TASK STATEMENT: Only these lines of the data below are wanted: the one with "Definition nonconstant (g", the one with "[/\ forall x", and any lines between them, each repeated exactly.

Stored data entries:
(* For every share function $\rho$, the $\rho$-blame $\mathbf B^\rho$ is an unbiased importance value function.
   Context: $X$ is a fixed finite set of $n=|X|$ variables. An assignment over $U\subseteq X$ is a map $\mathbf u:U\to\{0,1\}$; $\mathbf u;\mathbf v$ is concatenation of assignments with disjoint domains, $\mathbf u_S$ is restriction. For $S\subseteq X$ and $\mathbf u$ over $X$, $\mathbf u^{\oplus S}$ flips the values of the variables in $S$. $\mathbb B(X)$ is the set of Boolean functions $\{0,1\}^X\to\{0,1\}$, combined pointwise by $\lor,\land$ (juxtaposition), $\oplus$, negation $\overline f$; a variable $x$ also denotes $\mathbf u\mapsto\mathbf u(x)$; $f\ge g$ is pointwise. Cofactor: $f_{\mathbf v}(\mathbf u)=f(\mathbf v;\mathbf u_{X\setminus V})$ for $\mathbf v$ over $V$; $f_{x/c}$ for $V=\{x\}$. $\mathrm{dep}(f)=\{x: f_{x/1}\ne f_{x/0}\}$; $f$ is monotone in $x$ if $f_{x/1}\ge f_{x/0}$. $f^{\oplus y}(\mathbf u)=f(\mathbf u^{\oplus\{y\}})$. For a permutation $\sigma$ of $X$: $(\sigma\mathbf u)(x)=\mathbf u(\sigma^{-1}(x))$, $(\sigma f)(\mathbf u)=f(\sigma^{-1}\mathbf u)$. $f[x/s]=s f_{x/1}\lor\overline s f_{x/0}$. Modularity: $f$ is modular in $g$ if $g$ is not constant and there are $\ell\in\mathbb B(X)$, $z\in X$ with $\mathrm{dep}(\ell)\cap\mathrm{dep}(g)=\emptyset$ and $f=\ell[z/g]$; monotonically modular if moreover $\ell$ is monotone in $z$. Then $f_{g/1}:=\ell_{z/1}$, $f_{g/0}:=\ell_{z/0}$ (well defined). A value function is a map $\mathfrak I:X\times\mathbb B(X)\to\mathbb R$, $(x,f)\mapsto\mathfrak I_x(f)$. It is an importance value function (IVF) if for all $x,y\in X$, permutations $\sigma$ of $X$ and $f,g,h\in\mathbb B(X)$: (Bound) $0\le\mathfrak I_x(f)\le1$; (Dum) $\mathfrak I_x(f)=0$ if $x\notin\mathrm{dep}(f)$; (Dic) $\mathfrak I_x(x)=\mathfrak I_x(\overline x)=1$; (Type) $\mathfrak I_x(f)=\mathfrak I_{\sigma(x)}(\sigma f)$ and $\mathfrak I_x(f)=\mathfrak I_x(f^{\oplus y})$; (ModEC) $\mathfrak I_x(f)\ge\mathfrak I_x(h)$ whenever $f$ and $h$ are monotonically modular in $g$, $f_{g/1}\ge h_{g/1}$, $h_{g/0}\ge f_{g/0}$, and $x\in\mathrm{dep}(g)$. $\mathfrak I$ is unbiased if $\mathfrak I_x(g)=\mathfrak I_x(\overline g)$ for all $x,g$. Blame: for $f\in\mathbb B(X)$, $x\in X$ and $\mathbf u$ over $X$, a critical set of $x$ in $f$ under $\mathbf u$ is a set $S\subseteq X\setminus\{x\}$ with $f(\mathbf u)=f(\mathbf u^{\oplus S})$ and $f(\mathbf u)\ne f(\mathbf u^{\oplus(S\cup\{x\})})$; $\mathrm{scs}^{\mathbf u}_x(f)$ is the minimum size of a critical set ($\infty$ if none exists). A share function is $\rho:\mathbb N\cup\{\infty\}\to\mathbb R$ that is monotonically decreasing with $\rho(\infty)=\lim_{k\to\infty}\rho(k)=0$ and $\rho(0)=1$. The $\rho$-blame is $\mathbf B^\rho_x(f)=\mathbb E_{\mathbf u\in\{0,1\}^X}[\rho(\mathrm{scs}^{\mathbf u}_x(f))]$ (uniform distribution). *)

From HB Require Import structures.
From mathcomp Require Import all_boot all_order all_algebra all_fingroup.
From mathcomp Require Import all_classical all_reals all_analysis.
Set Implicit Arguments. Unset Strict Implicit. Unset Printing Implicit Defensive.
Import Order.TTheory GRing.Theory Num.Theory.
Import numFieldNormedType.Exports.
Local Open Scope ring_scope.
Local Open Scope classical_set_scope.

Section Defs.
Variable X : finType.

Definition asg := {ffun X -> bool}.
Definition bfun := {ffun asg -> bool}.

Definition flip (S : {set X}) (u : asg) : asg :=
  [ffun y => if y \in S then ~~ u y else u y].

Definition upd (u : asg) (x : X) (c : bool) : asg :=
  [ffun y => if y == x then c else u y].

Definition cof (f : bfun) (x : X) (c : bool) : bfun := [ffun u : asg => f (upd u x c)].

Definition dep (f : bfun) : {set X} := [set x | cof f x true != cof f x false].

Definition bge (f g : bfun) : Prop := forall u, g u ==> f u.

Definition monotone_in (f : bfun) (x : X) : Prop := bge (cof f x true) (cof f x false).

Definition bvar (x : X) : bfun := [ffun u : asg => u x].
Definition bneg (f : bfun) : bfun := [ffun u : asg => ~~ f u].

Definition fflip (f : bfun) (y : X) : bfun := [ffun u : asg => f (flip [set y] u)].

Definition perm_asg (s : {perm X}) (u : asg) : asg := [ffun x => u ((s^-1)%g x)].
Definition perm_bfun (s : {perm X}) (f : bfun) : bfun :=
  [ffun u : asg => f (perm_asg (s^-1)%g u)].

Definition subst (f : bfun) (x : X) (s : bfun) : bfun :=
  [ffun u : asg => (s u && cof f x true u) || (~~ s u && cof f x false u)].

Definition nonconstant (g : bfun) : Prop := exists u v, g u != g v.

(* (l, z) witnesses that f is monotonically modular in g; then
   f_{g/1} := l_{z/1} and f_{g/0} := l_{z/0}. *)
Definition mono_mod_witness (f g l : bfun) (z : X) : Prop :=
  [/\ nonconstant g, dep l :&: dep g = finset.set0, f = subst l z g & monotone_in l z].

Definition mono_modular (f g : bfun) : Prop := exists l z, mono_mod_witness f g l z.

Definition IVF (R : realType) (I : X -> bfun -> R) : Prop :=
  [/\ forall x f, 0 <= I x f <= 1,
      forall x f, x \notin dep f -> I x f = 0,
      forall x, I x (bvar x) = 1 /\ I x (bneg (bvar x)) = 1,
      forall x y (s : {perm X}) f,
                    I x f = I (s x) (perm_bfun s f) /\ I x f = I x (fflip f y)
    & forall x f h g lf zf lh zh,
                    mono_mod_witness f g lf zf -> mono_mod_witness h g lh zh ->
                    bge (cof lf zf true) (cof lh zh true) ->
                    bge (cof lh zh false) (cof lf zf false) ->
                    x \in dep g -> I x h <= I x f].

OUTPUT:
Definition nonconstant (g : bfun) : Prop := exists u v, g u != g v.

(* (l, z) witnesses that f is monotonically modular in g; then
   f_{g/1} := l_{z/1} and f_{g/0} := l_{z/0}. *)
Definition mono_mod_witness (f g l : bfun) (z : X) : Prop :=
  [/\ nonconstant g, dep l :&: dep g = finset.set0, f = subst l z g & monotone_in l z].

Definition mono_modular (f g : bfun) : Prop := exists l z, mono_mod_witness f g l z.

Definition IVF (R : realType) (I : X -> bfun -> R) : Prop :=
  [/\ forall x f, 0 <= I x f <= 1,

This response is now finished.